As described herein, the system and method embodiments of the invention enable utilities to accurately assess or estimate the number of premises required to respond to a demand response event by clustering the premises based on various desired criteria depending on performance and/or system requirements. For example, clusters can be developed based on event response behavior, usage behavior, geographical data, time of usage data, etc. Demand response requests can then be processed on the cluster level using response estimation functions developed for each cluster.
In some embodiments, the premises are clustered into usage clusters, and each usage cluster is divided premises into response clusters.

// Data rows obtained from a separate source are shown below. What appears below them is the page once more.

Lemma neumann_sum_subB x : S x - B (S x) = x.
Proof.
apply/eqP; rewrite -subr_eq0; apply/eqP.
apply: (@eq0_hnorm_le_expr _ ((1 + r) * q * hn x + hn x)) => N.
apply: le_trans (ler_hnorm_distD hH _ (s N x - B (s N x)) _) _.
rewrite neumann_partial_telescope [x - _ - x]addrAC subrr add0r hnorm_opp //.
have -> : S x - B (S x) - (x - oppow B N x) = (S x - s N x) - B (S x - s N x).
  by rewrite -neumann_partial_telescope (linear_opB B_lin) !opprD !opprK addrACA.
apply: le_trans (lerD (ler_hnormB hH _ _) (hnorm_oppow_le _ _)) _.
have err := hnorm_neumann_partial_sub_sum N x; rewrite hnorm_subC // in err.
have := le_trans (B_le _) (ler_wpM2l r_ge0 err).
move: (r ^+ N) err => rN err; rewrite -!mulrA; nra.
Qed.

Lemma subB_inj z : z - B z = 0 -> z = 0.
Proof.
move=> /eqP; rewrite subr_eq0 => /eqP zE; apply: (hnorm_eq0 hH).
apply/eqP; rewrite eq_le hnorm_ge0 andbT.
have r1_gt0 : 0 < 1 - r by rewrite subr_gt0.
by rewrite -(pmulr_rle0 _ r1_gt0) mulrBl mul1r subr_le0 {1}zE B_le.
Qed.

Lemma neumann_sum_subBK x : S (x - B x) = x.
Proof.
apply/eqP; rewrite -subr_eq0; apply/eqP; apply: subB_inj.
by rewrite (linear_opB B_lin) !opprD !opprK addrACA neumann_sum_subB addrACA subrr addNr addr0.
Qed.

Lemma neumann_partial_op_cvg : op_cvg ip s S.
Proof.
apply/cvgr0Pnorm_lt => e e_gt0; near=> N.
have err x : hn (s N x - S x) <= r ^+ N * q * hn x by exact: hnorm_neumann_partial_sub_sum.
rewrite ger0_norm; last exact: opnorm_ge0 err.
apply: le_lt_trans (opnorm_le hH _ err) _; first by rewrite mulr_ge0 ?exprn_ge0.
by near: N; exact: cvgr_lt _ (cvg_expr_scaled q r_ge0 r_lt1) _ e_gt0.
Unshelve. all: by end_near.
Qed.

End NeumannSeries.

Lemma neumann_series (R : realType) (H : lmodType R[i]) (ip : H -> H -> R[i])
    (B : H -> H) (r : R) :
  is_hilbert ip -> linear_op B -> 0 <= r -> r < 1 ->
  (forall x, hnorm ip (B x) <= r * hnorm ip x) ->
  exists S, [/\ bounded_op ip S, op_cvg ip (neumann_partial B) S,
    forall x, S x - B (S x) = x & forall x, S (x - B x) = x].
Proof.
move=> hH B_lin r_ge0 r_lt1 B_le; exists (neumann_sum hH r_ge0 r_lt1 B_le); split.
- exact: neumann_sum_bounded.
- exact: neumann_partial_op_cvg.
- exact: neumann_sum_subB.
- exact: neumann_sum_subBK.
Qed.

Lemma root_limsup_le (R : realType) (H : lmodType R[i]) (ip : H -> H -> R[i])
    (Cn : nat -> H -> H) (r : R) :
  is_hilbert ip -> 0 <= r -> (forall n x, hnorm ip (Cn n x) <= r ^+ n * hnorm ip x) ->
  (root_limsup ip Cn <= r%:E)%E.
Proof.
move=> hH r_ge0 Cn_le; rewrite /root_limsup limn_esup_lim.
set f := fun n => _.
rewrite (cvg_lim (@ereal_hausdorff R) (@cvg_esups_inf R f)).
apply: le_trans (@ereal_inf_lbound R _ (esups f 1) _) _; first by exists 1.
apply: ge_ereal_sup => _ [n /= n_gt0 <-]; rewrite /f lee_fin.
have opnormCn_ge0 := opnorm_ge0 hH (Cn_le n).
have opnormCn_le := opnorm_le hH (exprn_ge0 n r_ge0) (Cn_le n).
have n_neq0 : (n%:R : R) != 0 by rewrite pnatr_eq0 -lt0n.
apply: le_trans (ge0_ler_powR _ _ _ opnormCn_le) _.
- by rewrite invr_ge0 ler0n.
- by rewrite nnegrE.
- by rewrite nnegrE exprn_ge0.
by rewrite -powR_mulrn // -powRrM mulfV // powRr1.
Qed.

Section PositiveContraction.
Variables (R : realType) (H : lmodType R[i]) (ip : H -> H -> R[i]).
Hypothesis hH : is_hilbert ip.
Local Notation hn := (hnorm ip).
Let hip := hilbert_form hH.
Variable A : H -> H.
Hypothesis A_lin : linear_op A.
Hypothesis A_herm : selfadj ip A.
Hypothesis A_ge0 : forall x, 0 <= ip (A x) x.
Hypothesis A_le1 : forall x, ip (A x) x <= ip x x.

Lemma A_hform : pos_hermitian_form (fun x y => ip (A x) y).
Proof.
split=> [a x y z|x y|x] //; first by rewrite A_lin (hform_linl hip).
by rewrite A_herm (hform_conj hip).
Qed.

The response cluster can be the same as the usage cluster when no historical data for premises is available, such as when new demand response programs are introduced. In other embodiments, seed data, simulation data or premise profile data from other utilities, or other initial data can be used to initially divide the usage clusters into response clusters. The response estimation is then performed on the clusters of premises exhibiting similar usage and response behavior, which results in more accurate response estimation. Since the response estimation is more accurate, the utility can more accurately determine which premises or resources to utilize to respond to a demand response event.
Although embodiments of the invention have been described with reference to processing of a single demand response program, the invention is not limited in this regard. The clustering according to embodiments of the present invention can be performed for multiple programs.
While only certain features of the invention have been illustrated and described herein, many modifications and changes will occur to those skilled in the art. It is, therefore, to be understood that the appended claims are intended to cover all such modifications and changes as fall within the true spirit of the invention.